Once again you get dinner and all I get is semen on my leg
Just did a shot to pluto being a planet again. I love science.
Just did lines off a tackle box. Love Montana.
I drank myself into bisexuality again.
I take that as "no I'm not driving you to the bar in a blizzard"
The Deck is crawling with Cougars. Sound the irresponsibility alarm and come drink with me on a Tuesday night.
Here's a tip. Don't party with someone that needs sexual attention. Drinking and sexual attention don't mesh well in the morning. Especially over a bowl of Cheerios.
CONGRATULATIONS! You have won: pictures of my nipples!
i have never been so sexually frustrated as I am right now. I feel like dying...is death an option?
I just came so hard my vision went blurry. I can only hope one day I'll find a man that can accomplish what my left hand does on a tri-daily basis.
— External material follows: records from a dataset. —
(* Let $d\ge1$, $n\ge2$ be integers, $\kappa_d$ the volume of the $d$-dimensional unit ball, $V\ge0$, $c\in(0,\infty)$, $-d/2<\tau_1<\dots<\tau_n$ reals, $a_i=\tau_i+d$, $x_i=\tau_i+d/2$. Let $\Sigma_n^{\mathrm{sb}}$ have entries $\frac{Vd\kappa_d}{2(x_i+x_j)}$, $\Sigma_n^{\mathrm{sp}}$ entries $\frac{Vd^2\kappa_d^2}{a_ia_j}$, and $\Sigma_n^{\mathrm{cr}}=\Sigma_n^{\mathrm{sb}}+c\Sigma_n^{\mathrm{sp}}$ if $c\le1$, $\Sigma_n^{\mathrm{cr}}=\frac1c\Sigma_n^{\mathrm{sb}}+\Sigma_n^{\mathrm{sp}}$ if $c>1$, with eigenvalues $\lambda_1^{\mathrm{cr}}\le\dots\le\lambda_n^{\mathrm{cr}}$. Put $Q=\sum_{l,k=1}^n\frac{n}{(x_k+x_l)^2}-\big(\sum_{i=1}^n\frac1{2x_i}\big)^2$, $$\bar S_n=\frac{Vd\kappa_d\big(\sum_{i=1}^n\frac1{2x_i}+\sqrt{(n-1)Q}\big)}{2n},\qquad \underline S_n=\frac{Vd\kappa_d\prod_{1\le i<j\le n}(x_i-x_j)^2}{2\prod_{1\le i,j\le n}(x_i+x_j)\Big(\frac{\sum_{i=1}^n\frac{\sqrt{n-1}}{2x_i}+\sqrt Q}{n\sqrt{n-1}}\Big)^{n-1}}.$$ Then $\underline U_n\le\lambda_1^{\mathrm{cr}}\le\dots\le\lambda_n^{\mathrm{cr}}\le\bar U_n$, where (i) for $c\in(0,1]$: $\underline U_n=\underline S_n$ and $\bar U_n=\bar S_n+\sum_{i=1}^n\frac{cVd^2\kappa_d^2}{a_i^2}$; (ii) for $c\in(1,\infty)$: $\underline U_n=\underline S_n/c$ and $\bar U_n=\bar S_n/c+\sum_{i=1}^n\frac{Vd^2\kappa_d^2}{a_i^2}$.
   Context: $\Sigma_n^{\mathrm{cr}}$ is the asymptotic covariance matrix of normalized length power functionals in the critical regime $t\delta_t^d\to c$. *)

From mathcomp Require Import all_boot all_order all_algebra.
From mathcomp Require Import all_classical all_reals all_analysis.
Import Order.TTheory GRing.Theory Num.Theory.
Local Open Scope ring_scope.

(* Volume of the d-dimensional unit ball, via the standard recursion
   kappa_0 = 1, kappa_1 = 2, kappa_(d+2) = 2 pi / (d+2) * kappa_d
   (equivalently pi^(d/2) / Gamma(d/2 + 1)). *)
Fixpoint ball_vol_aux (R : realType) (d : nat) : R * R :=
  (* returns (kappa_d, kappa_(d+1)) *)
  match d with
  | 0%N => (1, 2)
  | d'.+1 => let p := ball_vol_aux R d' in
             (p.2, (2 * pi / (d'.+2)%:R) * p.1)
  end.
Definition ball_vol (R : realType) (d : nat) : R := (ball_vol_aux R d).1.

Definition Sigma_sb (R : realType) (n d : nat) (V : R) (tau : 'I_n -> R)
  : 'M[R]_n :=
  \matrix_(i, j) (V * d%:R * ball_vol R d /
                  (2 * ((tau i + d%:R / 2) + (tau j + d%:R / 2)))).

Definition Sigma_sp (R : realType) (n d : nat) (V : R) (tau : 'I_n -> R)
  : 'M[R]_n :=
  \matrix_(i, j) (V * (d%:R) ^+ 2 * ball_vol R d ^+ 2 /
                  ((tau i + d%:R) * (tau j + d%:R))).

Definition Sigma_cr (R : realType) (n d : nat) (V c : R) (tau : 'I_n -> R)
  : 'M[R]_n :=
  if c <= 1 then Sigma_sb R n d V tau + c *: Sigma_sp R n d V tau
  else c^-1 *: Sigma_sb R n d V tau + Sigma_sp R n d V tau.

Definition xx (R : realType) (n d : nat) (tau : 'I_n -> R) (i : 'I_n) : R :=
  tau i + d%:R / 2.

Definition Qn (R : realType) (n d : nat) (tau : 'I_n -> R) : R :=
  (\sum_(l < n) \sum_(k < n) n%:R / (xx R n d tau k + xx R n d tau l) ^+ 2)
  - (\sum_(i < n) (2 * xx R n d tau i)^-1) ^+ 2.

Definition S_upper (R : realType) (n d : nat) (V : R) (tau : 'I_n -> R) : R :=
  V * d%:R * ball_vol R d *
  ((\sum_(i < n) (2 * xx R n d tau i)^-1) + Num.sqrt ((n%:R - 1) * Qn R n d tau))
  / (2 * n%:R).
(* Cauchy-Schwarz for <Z, Y> with the weight del^-1:
   2 Qs <= del^-1 |Z|^2 + del |Y|^2 = Qs + del (tr sig^2 - 1/d). *)
Lemma sum_dev2_le : Qs <= kappa - r.
Proof.
have [[kappa_gt _] _ _ _ _] := P_MUM.
have d_gt1 : (1 : R) < d%:R by rewrite ltr1n is_MUM_dim_gt1.
have delE : del = (kappa * d%:R - 1) / (d%:R - 1).
  by rewrite /del /gam /r; field; rewrite dim_neq0 dim_sub1_neq0.
have kappa_d : 1 < kappa * d%:R.
  by move: kappa_gt; rewrite -(ltr_pM2r (lt_trans ltr01 d_gt1)) mulVf ?dim_neq0.
have del_gt0 : 0 < del by rewrite delE divr_gt0 // subr_gt0.
have delV_gt0 : 0 < del^-1 by rewrite invr_gt0.
have := hsdot_AMGM Z Y delV_gt0.
rewrite hsdot_ZY hsdot_ZZ hsdot_YY invrK mulrA mulVf ?gt_eqF // mul1r.
have : del * (hsdot sig sig - r) <= del * (1 - r).
  by rewrite ler_pM2l // lerD2r state_hsdot_le1.
have -> : del * (1 - r) = kappa - r.
  by rewrite delE /r; field; rewrite dim_neq0 dim_sub1_neq0.
lra.
Qed.

Lemma probs_norm_le : hsdot (probs P sig) (probs P sig) <= 1 + kappa.
Proof.
have P_psd : forall b n, psd (P b n) by case: P_MUM => [_ []].
have probs_sq b n :
    re (probs P sig (mxtens_index (b, n)) 0) ^+ 2
    = dev b n ^+ 2 + (2 * r * dev b n + r ^+ 2).
  by rewrite probs_index /dev; ring.
have probs_im b n : im (probs P sig (mxtens_index (b, n)) 0) = 0.
  exact/Im_conj_id/probs_real/sig_state.1.
have -> : hsdot (probs P sig) (probs P sig) = Qs + \sum_b \sum_n (2 * r * dev b n + r ^+ 2).
  rewrite hsdotE big_mxtens /Qs -big_split; apply: eq_bigr => b _.
  rewrite -big_split; apply: eq_bigr => n _.
  by rewrite big_ord1 -!expr2 probs_sq probs_im expr0n addr0.
have -> : \sum_b \sum_n (2 * r * dev b n + r ^+ 2) = d.+1%:R * r.
  transitivity (\sum_(b < d.+1) r); last by rewrite sumr_const card_ord mulr_natl.
  apply: eq_bigr => b _.
  rewrite big_split /= -mulr_sumr sum_dev mulr0 add0r.
  by rewrite sumr_const card_ord -mulr_natr sqr_r_dim.
have : (d%:R : R) * r = 1 by rewrite /r mulfV ?dim_neq0.
have := sum_dev2_le; rewrite -addn1 natrD mulrDl mul1r; lra.
Qed.

End MUMProbabilities.

Lemma ptraceB_separable dA dB k (p : 'I_k -> R) (s : 'I_k -> 'M[C]_dA)
    (t : 'I_k -> 'M[C]_dB) :
  (forall i, \tr (t i) = 1) ->
  ptraceB (\sum_i (p i)%:C *: (s i *t t i)) = \sum_i (p i)%:C *: s i.
Proof.
move=> tr_t; apply/matrixP => a a'; rewrite /ptraceB !mxE summxE.
under eq_bigr do rewrite summxE.
rewrite exchange_big /=; apply: eq_bigr => i _.
transitivity (\sum_(j < dB) (p i)%:C * (s i a a' * t i j j)).
  by apply: eq_bigr => j _; rewrite mxE tensmxE.
by rewrite -!mulr_sumr -/(mxtrace (t i)) tr_t mulr1 mxE.
Qed.

Lemma ptraceA_separable dA dB k (p : 'I_k -> R) (s : 'I_k -> 'M[C]_dA)
    (t : 'I_k -> 'M[C]_dB) :
  (forall i, \tr (s i) = 1) ->
  ptraceA (\sum_i (p i)%:C *: (s i *t t i)) = \sum_i (p i)%:C *: t i.
Proof.
move=> tr_s; apply/matrixP => a a'; rewrite /ptraceA !mxE summxE.
under eq_bigr do rewrite summxE.
rewrite exchange_big /=; apply: eq_bigr => i _.
transitivity (\sum_(j < dA) (p i)%:C * (t i a a' * s i j j)).
  by apply: eq_bigr => j _; rewrite mxE tensmxE [s i j j * _]mulrC.
by rewrite -!mulr_sumr -/(mxtrace (s i)) tr_s mulr1 mxE.
Qed.

Lemma mul_col_adjE m n (x : 'cV[C]_m) (y : 'cV[C]_n) a b :
  (x *m adj y) a b = x a 0 * Num.conj (y b 0).
Proof. by rewrite !mxE big_ord1 adjE. Qed.

Definition col_const l (c : R) m (x : 'cV[C]_m) : 'cV[C]_(l + m) :=
  col_mx (const_mx c%:C) x.

Lemma hsdot_col_const l c m (x : 'cV[C]_m) :
  hsdot (col_const l c x) (col_const l c x) = l%:R * c ^+ 2 + hsdot x x.
Proof.
rewrite hsdot_col hsdotE; congr (_ + _).
under eq_bigr do rewrite big_ord1 !mxE /= mulr0 addr0.
by rewrite sumr_const card_ord mulr_natl expr2.
Qed.

Lemma Mmat_separable dA dB (P : 'I_dA.+1 -> 'I_dA -> 'M[C]_dA)
    (Q : 'I_dB.+1 -> 'I_dB -> 'M[C]_dB) (mu nu : R) l k (p : 'I_k -> R)
    (s : 'I_k -> 'M[C]_dA) (t : 'I_k -> 'M[C]_dB) :
  (forall b n, psd (Q b n)) -> \sum_i p i = 1 ->
  (forall i, is_state (s i) /\ is_state (t i)) ->
  Mmat P Q mu nu l (\sum_i (p i)%:C *: (s i *t t i))
  = \sum_i (p i)%:C *: (col_const l mu (probs P (s i))
                        *m adj (col_const l nu (probs Q (t i)))).
Proof.
move=> Q_psd p_sum1 st_state.
have tr_s i : \tr (s i) = 1 by case: (st_state i) => [[_ ->] _].
have tr_t i : \tr (t i) = 1 by case: (st_state i) => [_ [_ ->]].
have eta_real i j : Num.conj (probs Q (t i) j 0) = probs Q (t i) j 0.
  exact/probs_real/(st_state i).2.1.
under [RHS]eq_bigr do rewrite adj_col mul_col_row scale_block_mx.
rewrite summx_block /Mmat; congr block_mx; apply/matrixP => a b; rewrite ?summxE.
- rewrite mxE; under eq_bigr do rewrite mxE mul_col_adjE !mxE conjE conjc_real.
  by rewrite -mulr_suml -rmorph_sum p_sum1 mul1r rmorphM.
- rewrite !mxE ptraceA_separable // mulmx_sumr mxtrace_sum mulr_sumr.
  apply: eq_bigr => i _.
  by rewrite mxE mul_col_adjE eta_real -scalemxAr mxtraceZ !mxE; ring.
- rewrite !mxE ptraceB_separable // mulmx_sumr mxtrace_sum mulr_sumr.
  apply: eq_bigr => i _.
  by rewrite mxE mul_col_adjE -scalemxAr mxtraceZ !mxE conjE conjc_real; ring.
- rewrite /Jmat mxE mulmx_sumr mxtrace_sum; apply: eq_bigr => i _.
  rewrite -scalemxAr mxtraceZ tensmx_mul mxtrace_tens [RHS]mxE mul_col_adjE eta_real.
  by rewrite !mxE.
Qed.

End MUMCriterion.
you bit my nipple really hard and then looked at me and said 'i feel responsible for the state of your nipples'
Please don't think I'm weird for texting you this at 12:08 am but I just found another picture on the Internet where I think you can see his dick through whatever he's wearing
She took me to ER. She says thought it was a squirtgun filled with vodka and she was 'marking me for later.' Thank god it's a flesh wound, and we're cool and going to date.
gtg, the cops are here
He pulled out the guitar, sat in tub, and took requests while she puked her brains out in the toilet. I think he loves her.
My dog just blew me a kiss. First of all I'm stoned and second of all he's a pitbull. Those aren't sexual dogs. So wtf.